Ручей, река, море и океан, как один целый аккорд, противопоставились мною земле-грунту с профилями гор, пропастей, металлических глубин и огня.
В порту Одессы отыскал я пароход[194], которому, казалось бы, и на Волге впору захлебнуться, но бравая «Стура» вызвалась доставить меня в Италию. Пахла «Стура» итальянской улочкой: второсортным оливковым маслом, пармезанными макаронами и кьянти. На ее борту были веселые, добрые ребята — от кочегара до капитана. «Стура» везла на себе всякую всячину в мешках, в тюках и в бочках.
На палубе, с цыганской живописностью, умещались группы людей в пестрых костюмах и с тряпьем постелей. Десятка три овец, скученных на корме, дополняли палубную тесноту, говор и запах.
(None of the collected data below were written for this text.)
(* Let $n>2$, $V=\mathbb{F}_2^n$, let $g\in\mathrm{Sym}(V)$ and let $\Sigma$ be a Sylow $2$-subgroup of $\mathrm{AGL}(V)$ containing $T^g$. Then $T^g\trianglelefteq\Sigma$ if and only if $T^g\in\{T,T_\Sigma\}$.
   Context: $T=\{\sigma_v:v\in V\}$ with $\sigma_v:x\mapsto x+v$; $\mathrm{AGL}(V)$ is the affine group of $V$. For a Sylow $2$-subgroup $\Sigma$ of $\mathrm{AGL}(V)$, $T_\Sigma$ denotes the unique elementary abelian regular subgroup of $\mathrm{Sym}(V)$ that is contained in and normal in $\Sigma$ and satisfies $|T\cap T_\Sigma|=2^{n-2}$ (its existence and uniqueness is a theorem of the paper). *)

From HB Require Import structures.
From mathcomp Require Import all_boot all_order all_algebra all_fingroup all_solvable.
Set Implicit Arguments. Unset Strict Implicit. Unset Printing Implicit Defensive.
Import GRing.Theory.
Local Open Scope group_scope.

Definition V (n : nat) : finType := 'rV['F_2]_n.

Definition transl (n : nat) (v : V n) : {perm V n} := perm (@addrI _ v).

Definition T (n : nat) : {set {perm V n}} := [set transl v | v : V n].

Definition AGL (n : nat) : {set {perm V n}} :=
  [set p : {perm V n} | [exists A : 'M['F_2]_n, [exists b : V n,
      (A \in unitmx) && [forall x : V n, p x == (x *m A + b)%R]]]].

Definition regular_subgroup (n : nat) (X : {set {perm V n}}) : bool :=
  group_set X && [transitive X, on [set: V n] | 'P]
  && [forall x : V n, 'C_X[x | 'P] == 1].

Definition isTSigma (n : nat) (Sigma X : {set {perm V n}}) : bool :=
  [&& regular_subgroup X, 2.-abelem X, X <| Sigma
    & #|T n :&: X| == 2 ^ (n - 2)]%N.

(* T_Sigma: the (by the paper, unique) such subgroup *)
Definition T_Sigma (n : nat) (Sigma : {set {perm V n}}) : {set {perm V n}} :=
  odflt set0 [pick X : {set {perm V n}} | isTSigma Sigma X].

From mathcomp Require Import all_boot all_order all_algebra all_fingroup all_solvable.

(* AGL(V) is the group of affine permutations (p (x + y) = p x + p y + p 0);
   T is normal in it, so T <= Sigma, and the stabiliser Sigma_0 of 0 in Sigma
   acts linearly.  Sigma contains every map x |-> x + eps x with eps additive
   and eps(V) <= D <= ker eps for a Sigma_0-stable subspace D (these maps form
   a 2-group normalised by Sigma); such transvections show that Sigma_0-stable
   subspaces are determined by their order and that Sigma_0 fixes at most one
   nonzero vector.  A subgroup N of Sigma that is normalised by Sigma, regular
   and elementary abelian ("admissible") is encoded by W = {w | sigma_w in N}
   and an alternating Sigma_0-equivariant form alpha with radical W.  If W <> V
   a fixed-point count yields |V : W| = 4, and alpha is then pinned down by
   Sigma, so such an N is unique.  A normal conjugate T^g <> T is admissible
   with |T :&: T^g| = |W| = 2^(n-2), hence is T_Sigma. *)

Set Implicit Arguments.
Unset Strict Implicit.
Unset Printing Implicit Defensive.
Import GRing.Theory.
Local Open Scope ring_scope.

Section CharTwo.
Variable n : nat.
Local Notation vT := 'rV['F_2]_n.

Lemma F2_cases (a : 'F_2) : a = 0 \/ a = 1.
Proof.
case: a => [[|[|m]]] H; [left | right | by []].
- exact: val_inj.
- exact: val_inj.
Qed.

Lemma F2_addxx (a : 'F_2) : a + a = 0.
Proof. by case: (F2_cases a) => ->; [exact: addr0 | exact: val_inj]. Qed.

Lemma entryD (a b : vT) i j : (a + b) i j = a i j + b i j.
Proof. by rewrite mxE. Qed.

Lemma entry0 i j : (0 : vT) i j = 0.
Proof. by rewrite mxE. Qed.

Lemma addvv (x : vT) : x + x = 0.
Proof. by apply/rowP => i; rewrite !mxE F2_addxx. Qed.

Lemma addvK (x y : vT) : y + x + x = y.
Proof. by rewrite -addrA addvv addr0. Qed.

Lemma oppv (x : vT) : - x = x.
Proof. by apply: (addrI x); rewrite addrN addvv. Qed.

Lemma card_vT : #|[set: vT]| = (2 ^ n)%N.
Proof. by rewrite cardsT card_mx card_Fp // mul1n. Qed.

End CharTwo.

(* Proves an identity between sums of vectors of F_2^n by checking it entrywise
   on all 0/1 values of the entries involved. *)
Ltac char2 := let i := fresh "i" in apply/rowP => i; rewrite ?entryD ?entry0;
  repeat (match goal with |- context [fun_of_matrix ?t ?k i] =>
     case: (F2_cases (fun_of_matrix t k i)) => -> end);
  apply: val_inj; reflexivity.

Section Translations.
Variable n : nat.
Local Notation vT := 'rV['F_2]_n.
Local Notation P := {perm V n}.
Local Open Scope group_scope.

(* Application of a permutation of V, as a head symbol convenient for
   rewriting, and its interaction with the group structure of {perm V}. *)
Definition ap (p : P) (x : vT) : vT := p x.

Lemma apM (p q : P) x : ap (p * q) x = ap q (ap p x).
Proof. by rewrite /ap permM. Qed.

Lemma ap1 x : ap 1 x = x.
Proof. by rewrite /ap perm1. Qed.

Lemma apK (p : P) x : ap p^-1 (ap p x) = x.
Proof. by rewrite /ap permK. Qed.

Lemma apKV (p : P) x : ap p (ap p^-1 x) = x.
Proof. by rewrite /ap permKV. Qed.

Lemma ap_inj (p : P) : injective (ap p).
Proof. exact: perm_inj. Qed.

Lemma perm_ext (p q : P) : (forall x, ap p x = ap q x) -> p = q.
Proof. by move=> E; apply/permP => x; apply: E. Qed.

Lemma ap_transl v x : ap (transl v) x = v + x.
Proof. by rewrite /ap /transl permE. Qed.

Lemma transl0 : transl (0 : vT) = 1.
Proof. by apply: perm_ext => x; rewrite ap_transl ap1 add0r. Qed.

Lemma translD (v w : vT) : transl (v + w) = transl v * transl w.
Proof. by apply: perm_ext => x; rewrite apM !ap_transl addrCA addrA. Qed.

Lemma transl_inj : injective (@transl n).
Proof. by move=> v w E; have := ap_transl v 0; rewrite E ap_transl !addr0. Qed.

Lemma translV (v : vT) : (transl v)^-1 = transl v.
Proof. by apply: (mulgI (transl v)); rewrite mulgV -translD addvv transl0. Qed.

Lemma group_set_T : group_set (T n).
Proof.
apply/group_setP; split; first by apply/imsetP; exists 0; rewrite ?transl0.
move=> p q /imsetP [v _ ->] /imsetP [w _ ->]; apply/imsetP; exists (v + w) => //.
by rewrite translD.
Qed.
Canonical T_group := group group_set_T.

Lemma card_T : #|T n| = (2 ^ n)%N.
Proof. by rewrite card_imset ?card_mx ?card_Fp ?mul1n //; exact: transl_inj. Qed.

Lemma T_mulxx x : x \in T n -> x * x = 1.
Proof. by case/imsetP => v _ ->; rewrite -translD addvv transl0. Qed.

Lemma T_abelem : (2.-abelem (T n))%g.
Proof.
apply/(abelemP (isT : prime 2)); split; last first.
  by move=> x xT; rewrite expgS expg1 T_mulxx.
apply/centsP => x /imsetP [v _ ->] y /imsetP [w _ ->].
by rewrite /commute -!translD addrC.
Qed.

End Translations.

Section AffineGroup.
Variable n : nat.
Local Notation vT := 'rV['F_2]_n.
Local Notation P := {perm V n}.

Definition affine (p : P) := forall x y : vT, ap p (x + y) = ap p x + ap p y + ap p 0.

(* Over F_2 an additive map of V is linear, hence given by a matrix. *)
Lemma additive_mulmx (L : vT -> vT) : (forall x y, L (x + y) = L x + L y) ->
  exists A : 'M['F_2]_n, forall x, L x = x *m A.
Proof.
move=> LD.
have L0 : L 0 = 0 by apply: (addrI (L 0)); rewrite -LD !addr0.
have Lsc (a : 'F_2) x : L (a *: x) = a *: L x.
  by case: (F2_cases a) => ->; rewrite ?scale0r ?scale1r.
pose A := (\matrix_(i < n) L (delta_mx ord0 i) : 'M['F_2]_n).
exists A => x; rewrite mulmx_sum_row.
have dec : x = \sum_i x ord0 i *: delta_mx ord0 i.
  apply/rowP => j; rewrite summxE (bigD1 j) //= big1 ?addr0.
    by rewrite !mxE !eqxx mulr1.
  by move=> i ij; rewrite !mxE eqxx /= eq_sym (negbTE ij) mulr0.
transitivity (\sum_i x ord0 i *: L (delta_mx ord0 i)); last first.
  by apply: eq_bigr => i _; rewrite rowK.
rewrite {1}dec; elim/big_rec2: _ => [|i y1 y2 _ IH]; first by rewrite L0.
by rewrite LD Lsc IH.
Qed.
В дыры кают втиснуты были разноязычные пассажиры, проехавшие через Россию, нажившиеся в ней или обездоленные. Не очень видный инженер — француз с Урала, коммивояжер — грек, молодой болгарин — ученый, размышляющий турок с женой, закутанной поперек и накрест, не выпускаемой из каюты, неизбежный, очевидно, на всех пароходах миссионер, исключительно осведомленный о всех язычниках мира и обладавший всеми их языками, и два-три некто, которыми можно заткнуть любую бытовую необходимость.
Удовольствие очутиться в музыке чужих языков большое, когда смысловое значение сосредоточено полностью в звуке, в интонациях, в гримасах и в жестах: «р, ш, ч», носовые «н», придыхательные «х, г», варьируемые с гласными, дают полную картину схемы языка. Короткие междометия, связывающие понятия, передают сущность излагаемого говорящим чувства.
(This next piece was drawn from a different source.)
(* Let $\mathcal{R}$ be a left-connected rewriting system over a signature $\Sigma$, let $L_i,L_j$ be left-hand sides of rules of $\mathcal{R}$, and let $S_{ij\gamma}$ (with $\epsilon_{ij\gamma}\colon L_i+L_j\to S_{ij\gamma}$) be a hyperedge gluing and $S_{ij\gamma'}$ (with $\epsilon_{ij\gamma'}\colon S_{ij\gamma}\to S_{ij\gamma'}$) a subsequent node gluing, as described below, such that $S_{ij\gamma'}$ yields a critical pair. If the critical pair yielded by $in(S_{ij\gamma})\to S_{ij\gamma}\leftarrow out(S_{ij\gamma})$ is joinable, then so is the critical pair yielded by $in(S_{ij\gamma'})\to S_{ij\gamma'}\leftarrow out(S_{ij\gamma'})$.
   Context: A signature $\Sigma$ is a set of triples $(x,n,m)$ (label, arity, coarity). A $\Sigma$-hypergraph $G=(V,E,s,t,l)$ has finite sets $V$ (nodes), $E$ (hyperedges), maps $s,t\colon E\to V^*$ (lists of sources/targets) and a labelling $l\colon E\to\Sigma$ sending a hyperedge with $n$ sources and $m$ targets to some $(x,n,m)$. Morphisms preserve sources, targets and labels; they form the category $\mathbf{Hyp}_\Sigma$, where colimits are computed componentwise and monos/epis are injective/surjective on nodes and hyperedges. Composition is written $f;g$; $\iota_1,\iota_2$ are coprojections. A hypergraph is discrete if it has no hyperedges. A path is a list of hyperedges $[e_1,\dots,e_n]$ with some target of $e_k$ equal to a source of $e_{k+1}$ for each $k$; it goes from $v$ to $v'$ if $v$ is a source of $e_1$ and $v'$ a target of $e_n$; a cycle is a path with some source of $e_1$ a target of $e_n$. In-degree (out-degree) of a node $v$: number of pairs $(e,i)$ with $v$ the $i$-th target (source) of $e$; $in(H)$, $out(H)$: nodes of in-degree $0$, out-degree $0$. $H$ is ma (monogamous acyclic) if it has no cycle and all in- and out-degrees are $\le 1$. A cospan $I\to H\leftarrow O$ with $I,O$ discrete is an ma-cospan if $H$ is ma and the legs are mono with images $in(H)$ and $out(H)$. $H$ is strongly connected if for all $x\in in(H)$, $y\in out(H)$ there is a path from $x$ to $y$. A left-connected rule is a span $L\xleftarrow{[i_L,o_L]}K=I+O\xrightarrow{[i_R,o_R]}R$ with $I,O$ discrete, $I\to L\leftarrow O$, $I\to R\leftarrow O$ ma-cospans, $[i_L,o_L]$ mono, $L$ strongly connected; a left-connected rewriting system is a finite set of such rules. A derivation $(n\to G\leftarrow m)\Rrightarrow(n\to H\leftarrow m)$ between ma-cospans via a rule $L\leftarrow K\to R$ consists of a convex match $L\to G$ (a mono such that every path in $G$ between nodes of the image has all its hyperedges in the image), a hypergraph $C$ and a diagram $G\leftarrow C\to H$, $K\to C$, $R\to H$, $n+m\to C$ with $K,L,C,G$ and $K,R,C,H$ pushout squares (the left one a boundary complement, automatic for left-connected systems) commuting with the interfaces; for left-connected systems, mono matches are convex and pushout complements exist uniquely. A pre-critical pair is a pair of derivations $(n\to H_1\leftarrow m)\Lleftarrow(n\to S\leftarrow m)\Rrightarrow(n\to H_2\leftarrow m)$ with matches $m_1\colon L_i\to S$, $m_2\colon L_j\to S$ such that $[m_1,m_2]$ is epi; it is parallel if $m_1$ factors through the pushout complement $C_2\to S$ of the second derivation and $m_2$ through the pushout complement $C_1\to S$ of the first; critical if not parallel; joinable if there is $W$ with $(n\to H_1\leftarrow m)$ and $(n\to H_2\leftarrow m)$ both rewriting in finitely many (possibly zero) derivations to $(n\to W\leftarrow m)$. Hyperedge gluing: let $M$ be a nonempty set of pairs $(e,e')$, $e$ a hyperedge of $L_i$, $e'$ of $L_j$, with equal labels, no hyperedge in two pairs; $\gamma$ has hyperedges $M$ and nodes the pairs $(v,v')$ that are $k$-th sources (or $k$-th targets) of $e,e'$ for some $(e,e')\in M$ and $k$, with projections $p_1^\gamma\colon\gamma\to L_i$, $p_2^\gamma\colon\gamma\to L_j$; $\epsilon_{ij\gamma}\colon L_i+L_j\to S_{ij\gamma}$ is the coequaliser of $p_1^\gamma;\iota_1$ and $p_2^\gamma;\iota_2$. Node gluing: with $I_1=in(S_{ij\gamma})\cap\epsilon_{ij\gamma}(\iota_1(in(L_i)))$, $I_2=in(S_{ij\gamma})\cap\epsilon_{ij\gamma}(\iota_2(in(L_j)))$, $O_1=out(S_{ij\gamma})\cap\epsilon_{ij\gamma}(\iota_1(out(L_i)))$, $O_2=out(S_{ij\gamma})\cap\epsilon_{ij\gamma}(\iota_2(out(L_j)))$, let $N$ be a set of pairs in $I_1\times O_2$, or in $I_2\times O_1$, with no element in two pairs; $\gamma'$ is the discrete hypergraph with nodes $N$ and projections $p_1^{\gamma'},p_2^{\gamma'}\colon\gamma'\to S_{ij\gamma}$; $\epsilon_{ij\gamma'}\colon S_{ij\gamma}\to S_{ij\gamma'}$ is their coequaliser. $S_{ij\gamma}$ yields a critical pair if $\iota_1;\epsilon_{ij\gamma}$, $\iota_2;\epsilon_{ij\gamma}$ are mono, $in(S_{ij\gamma})\xrightarrow{\subseteq}S_{ij\gamma}\xleftarrow{\subseteq}out(S_{ij\gamma})$ is an ma-cospan and the derivations from it with these matches (via the rules with left-hand sides $L_i$, $L_j$) form a critical pair — this is ''the critical pair yielded by'' it; likewise for $S_{ij\gamma'}$ with matches $\iota_k;\epsilon_{ij\gamma};\epsilon_{ij\gamma'}$. *)

From mathcomp Require Import all_boot.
Тон речи и размер предложений дают либо певучую мелодийность, либо резкое стаккато языку.
Внедрение в чужой язык происходило для меня довольно успешно — не по книгам, а по натуре. Незаметно, как островки, среди звуков начинали, бывало, выныривать смысловые значения, — начинаешь входить в язык, конечно, по-детски уродуешь произношение, но слова растут количественно, смысл их упрочняется с каждым днем.
Ветер был лобовой — южный. Черное море оправдывало свое название: гребни волн, блестевшие от солнца, были черны в их заворотах, как чернила.
«Стура» ныряла носом, поскрипывала кузовом, отдаляла меня от дома.
Замкнутость и скученность на небольшом жилищном пространстве, среди безбрежной поверхности моря, производит на первый раз особенное впечатление захватывающей непрочности.
Архитектура парохода, определяющая положение при изменениях горизонта, двоит видимость: установишься на мачты, приняв их за вертикаль, — горизонт моря начинает качаться, установишься на горизонт — пароход ковыляет, как пьяный. Установишься на себя — и заспиралишь собственным телом, отыскивая ось движения, на которую бы опереться и которой бы определить точность своих восприятий…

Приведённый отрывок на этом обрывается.